Calculate the total engineering cost

You need to assess the likely engineering cost by taking into account the amount invested per engineer and the number of engineers that are required over that period of time. To calculate the cost, use the calculator tape feature in Focal Point.

  1. Select the Engineering cost stream.
  2. To create a calculator tape, click the Calculator tab. Create a tape called Engineering cost.
  3. To add a variable, click Add Variable, and name the variable for the total engineering cost with the following parameters:
Table 3. Variable for engineering cost
Variable nameTypeValue
TotalEngineeringCost Formula CostPerEngineer*'No of engineers'[PERIOD]
  1. Select the Auto recalc check box.
  2. To run the simulation, click Run Simulation. In Rational Focal Point, the financial metrics are calculated by using the Monte Carlo simulation.
  3. To see the engineering cost in 2012, click Apply simulation to 2012. The cost is plotted in the graph for the year 2012. Similarly, to see the engineering cost for each year, move the slider to each year, and click Apply simulation to YYYY.
Figure 4. Engineering cost
Simulation result with two graphs

In Figure 4, TEC is TotalEngineeringCost, and CE is CostPerEngineer.

  1. To reuse this tape for the new elements that you create, you must save the tape as a default tape. To save the tape to default tapes list, and click Tapes > Save tape to default tapes. Ensure that visibility is set to local.
  2. Click Save.

Important:
In this tutorial, all of the tapes that are created in the BioCar1 project will be reused in the BioCar2 project. Therefore, all of the tapes that are created in the BioCar1 project are saved as default tapes.

Calculate the total manufacturing cost

You need to determine the total manufacturing cost that includes the cumulative total on the bill of materials and the cost of assembling the car. For this calculation, the number of cars that will be manufactured must be assessed.

Estimate the quantity of cars to be manufactured

To estimate the number of cars to be manufactured, follow these steps:

  1. Select the Quantity stream.
  2. Click the Estimates tab.
  3. Use the graphical editor or grid and project your assumptions of the quantity of BioCar1 to be manufactured over time.

After you have ascertained the quantity of cars to be manufactured, you can calculate the manufacturing cost.

Figure 5. Quantity of BioCar1
Simulation result with table and graph

Calculate the total manufacturing cost

To calculate the manufacturing cost, you must specify the assembly costs and bill of materials per car.

  1. Select the Manufacturing cost stream.
  2. Click the Variables tab, create the variables for assembly cost and bill of material, and specify the assumed values:
Table 4. Manufacturing cost variables
Variable nameTypeValue
BOMPerCar Triangular 1250, 1500, 2000
AssemblyPricePerCar Triangular 800, 1000, 1300

The three values in the Triangular type represent the low, likely, and high estimates, respectively.

  1. Click the Calculator tab, and create a calculator tape called Manufacturing.
  2. Create the variables shown in Table 5, and specify the formula.
Table 5. Manufacturing cost
Variable nameTypeValue
BOM Formula BOMPerCar*'Quantity'[PERIOD]
Assembly Formula AssemblyPricePerCar*'Quantity'[PERIOD]
Manufacturing Formula BOM+Assembly
  1. Run the simulation.
  2. Move to the required time period and see the simulation result.

In Figure 6, BOMP is BOMPerCar, ASMB is Assembly, and MFG is Manufacturing.

Figure 6. BioCar1 manufacturing stream
Simulation result shows two graphs
  1. Save the tape as default tape.

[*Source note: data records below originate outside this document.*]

(* Let $d\ge2$ and let $\mathbf{p}^\star$ be a maximizer of the problem $$\max\Big\{\frac{\prod_{i=1}^dp_i}{D_1(\mathbf{p})^d}\;:\;\mathbf{p}\in(0,\infty)^d,\ p_1=1,\ D_1(\mathbf{p})^2\ge D_j(\mathbf{p})^2\text{ for all }j\in\{2,\dots,d\}\Big\}.$$ Then $\mathbf{p}^\star$ is a solution of the Karush–Kuhn–Tucker system below with multipliers $(\mu_2,\dots,\mu_d)\neq\mathbf{0}$, i.e. there exists $k\in\{2,\dots,d\}$ with $\mu_k>0$.
   Context: For $k\in\{1,\dots,d\}$ let $w_{k,i}=0$ for $i<k$, $w_{k,k}=k$, $w_{k,i}=i-1$ for $k<i\le d$, and $D_k(\mathbf{p})=\sqrt{\sum_{i=1}^dw_{k,i}^2p_i^2}$. Let $F_1(p_2,\dots,p_d)=\prod_{i=2}^dp_i/D_1(1,p_2,\dots,p_d)^d$, and regard $D_k$ as functions of $(p_2,\dots,p_d)$ with $p_1=1$. The Karush–Kuhn–Tucker system is: for all $j\in\{2,\dots,d\}$, $$\frac{\partial F_1}{\partial p_j}(\mathbf{p})=\sum_{i=2}^d\mu_i\frac{\partial}{\partial p_j}\big(D_i(\mathbf{p})^2-D_1(\mathbf{p})^2\big),\qquad \mu_j\big(D_j(\mathbf{p})^2-D_1(\mathbf{p})^2\big)=0,\qquad \mu_j\ge0,\qquad D_j(\mathbf{p})\le D_1(\mathbf{p}).$$ *)

From Stdlib Require Import Reals Arith.
From Coquelicot Require Import Coquelicot.
Open Scope R_scope.

Fixpoint sumR (f : nat -> R) (m k : nat) : R :=
  match k with O => 0 | S k' => f m + sumR f (S m) k' end.

Fixpoint prodR (f : nat -> R) (m k : nat) : R :=
  match k with O => 1 | S k' => f m * prodR f (S m) k' end.

Definition w (k i : nat) : R :=
  if (i <? k)%nat then 0 else if (i =? k)%nat then INR k else INR (i - 1).

(* D_k(p) = sqrt(sum_{i=1}^d w_{k,i}^2 p_i^2); vectors are p : nat -> R, indices 1..d. *)
Definition D (d k : nat) (p : nat -> R) : R :=
  sqrt (sumR (fun i => (w k i) ^ 2 * (p i) ^ 2) 1 d).

Definition F1 (d : nat) (p : nat -> R) : R :=
  prodR p 2 (d - 1) / (D d 1 p) ^ d.

Definition upd (p : nat -> R) (j : nat) (t : R) : nat -> R :=
  fun i => if (i =? j)%nat then t else p i.

Definition partial (G : (nat -> R) -> R) (j : nat) (p : nat -> R) : R :=
  Derive (fun t => G (upd p j t)) (p j).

Click Tapes > Save to Default Tapes.
  2. Click Save.

Calculate the warranty cost

For this article, we have assumed that the company incurs a warranty cost for three years after the sale of each car.

  1. Select the Warranty stream.
  2. Click the Variables tab. Create these variables and specify the estimates:
Table 6. Variables for warranty cost
Variable nameTypeValue
War1 Triangular 300, 400, 700
War2 Triangular 400, 500, 1000
War3 Triangular 600, 700, 1120
  1. Create a calculator tape called Warranty.
  2. Create these variables, and specify the formula:
Table 7. Warranty cost
Variable nameTypeValue
Warranty1 Formula War1*'Quantity'[PERIOD]
Warranty2 Formula War2*'Quantity'[(PERIOD-1)]
Warranty3 Formula War3*'Quantity'[(PERIOD-2)]
Warranty Formula Warranty1+Warranty2+Warranty3
  1. Run the simulation.
  2. Move to the required time period and see the simulation result.
Figure 7. Warranty stream for BioCar1
Simulation result and graph for the warranty cost
  1. Save the tape as the default by clicking Tapes > Save to Default Tapes.

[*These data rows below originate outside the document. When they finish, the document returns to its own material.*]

(* Let $0\le b\le1$, $M>0$ and $0\le\alpha<1$, and let $r_0=r_0(\alpha)$ be the real root in $(0,1)$ of the equation \[\big((1-\alpha)(1+M)-2(2-\alpha)(2b-M)r\big)(1-r)^3=M\big(1-\alpha+(1+\alpha)r\big).\] Let $\mathcal{F}$ be the class of functions $f\in\mathcal{A}_b$, $f(z)=z+\sum_{n\ge2}a_nz^n$, with $|a_n|\le M$ for all $n\ge3$. Then: (i) every $f\in\mathcal{F}$ satisfies $\left|\frac{zf''(z)}{f'(z)}\right|\le1-\alpha$ for $|z|\le r_0$; (ii) $r_0(\alpha)$ is the radius of convexity of order $\alpha$ of $\mathcal{F}$; (iii) $r_0(1/2)$ is the radius of uniform convexity of $\mathcal{F}$. All results are sharp, with extremal function $f_0(z)=z-2bz^2-\frac{Mz^3}{1-z}$.
   Context: $\mathbb{D}=\{z\in\mathbb{C}:|z|<1\}$. For $0\le b\le1$, $\mathcal{A}_b$ is the class of analytic functions $f$ on $\mathbb{D}$ of the form $f(z)=z+a_2z^2+a_3z^3+\cdots$ with $|a_2|=2b$. For a class $\mathcal{F}$ of analytic functions on $\mathbb{D}$ normalized by $f(0)=0$, $f'(0)=1$, and $0\le\alpha<1$, the radius of convexity of order $\alpha$ of $\mathcal{F}$ is the supremum of $r\in(0,1]$ such that every $f\in\mathcal{F}$ satisfies $f'(z)\ne0$ and $\operatorname{Re}\big(1+zf''(z)/f'(z)\big)>\alpha$ for $|z|<r$. The radius of uniform convexity of $\mathcal{F}$ is the supremum of $r\in(0,1]$ such that every $f\in\mathcal{F}$ satisfies $f'(z)\ne0$ and $\operatorname{Re}\big(1+zf''(z)/f'(z)\big)>\left|zf''(z)/f'(z)\right|$ for $|z|<r$. *)

From Stdlib Require Import Reals.
From Coquelicot Require Import Coquelicot.
Open Scope R_scope.

Definition taylor_on_disk (a : nat -> C) (f : C -> C) : Prop :=
  forall z : C, Cmod z < 1 -> is_series (fun n => (a n * pow_n z n)%C) (f z).

Definition in_A (b : R) (f : C -> C) : Prop :=
  exists a : nat -> C,
    taylor_on_disk a f /\ a 0%nat = 0%C /\ a 1%nat = 1%C /\ Cmod (a 2%nat) = 2 * b.

Definition class_F (b M : R) (f : C -> C) : Prop :=
  exists a : nat -> C,
    taylor_on_disk a f /\ a 0%nat = 0%C /\ a 1%nat = 1%C /\ Cmod (a 2%nat) = 2 * b /\
    (forall n : nat, (3 <= n)%nat -> Cmod (a n) <= M).

Definition derivs_on_disk (f f1 f2 : C -> C) : Prop :=
  forall z : C, Cmod z < 1 -> is_derive f z (f1 z) /\ is_derive f1 z (f2 z).

Definition convex_order_on (F : (C -> C) -> Prop) (alpha r : R) : Prop :=
  forall f f1 f2 : C -> C, F f -> derivs_on_disk f f1 f2 ->
    forall z : C, Cmod z < r ->
      f1 z <> 0%C /\ alpha < Re (1 + z * f2 z / f1 z)%C.

Definition unif_convex_on (F : (C -> C) -> Prop) (r : R) : Prop :=
  forall f f1 f2 : C -> C, F f -> derivs_on_disk f f1 f2 ->
    forall z : C, Cmod z < r ->
      f1 z <> 0%C /\ Cmod (z * f2 z / f1 z)%C < Re (1 + z * f2 z / f1 z)%C.

Definition radius_convexity (F : (C -> C) -> Prop) (alpha : R) : Rbar :=
  Lub_Rbar (fun r => 0 < r <= 1 /\ convex_order_on F alpha r).

Definition radius_unif_convexity (F : (C -> C) -> Prop) : Rbar :=
  Lub_Rbar (fun r => 0 < r <= 1 /\ unif_convex_on F r).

You have now calculated the amount that the company needs to invest in the engineering, manufacturing, and warranties. Next, estimate the sales and service revenue.

Calculate the sales revenue

For the project, to generate revenue on the sale of each car, a profit margin must be set. To calculate the sales revenue:

  1. Select the Sales stream.
  2. Click the Variables tab. Create a variable for the profit margin on the sale of each car and specify the estimates:
Table 8. Variable for sales revenue
Variable nameTypeValue
Markup Triangular 1.5, 2.0, 2.5
  1. Create a calculator tape called Sales.
  2. Create the variables, and specify the formula:
Table 9. Sales revenue
Variable nameTypeValue
Sales Formula Markup*'Manufacturing'[PERIOD]
  1. Run the simulation.
  2. Move to the required time period to see the simulation result.
Figure 8. Sales revenue stream of BioCar1
Simulation result, revenue graph
  1. Save the tape as the defaul. Click Tapes > Save to Default Tapes.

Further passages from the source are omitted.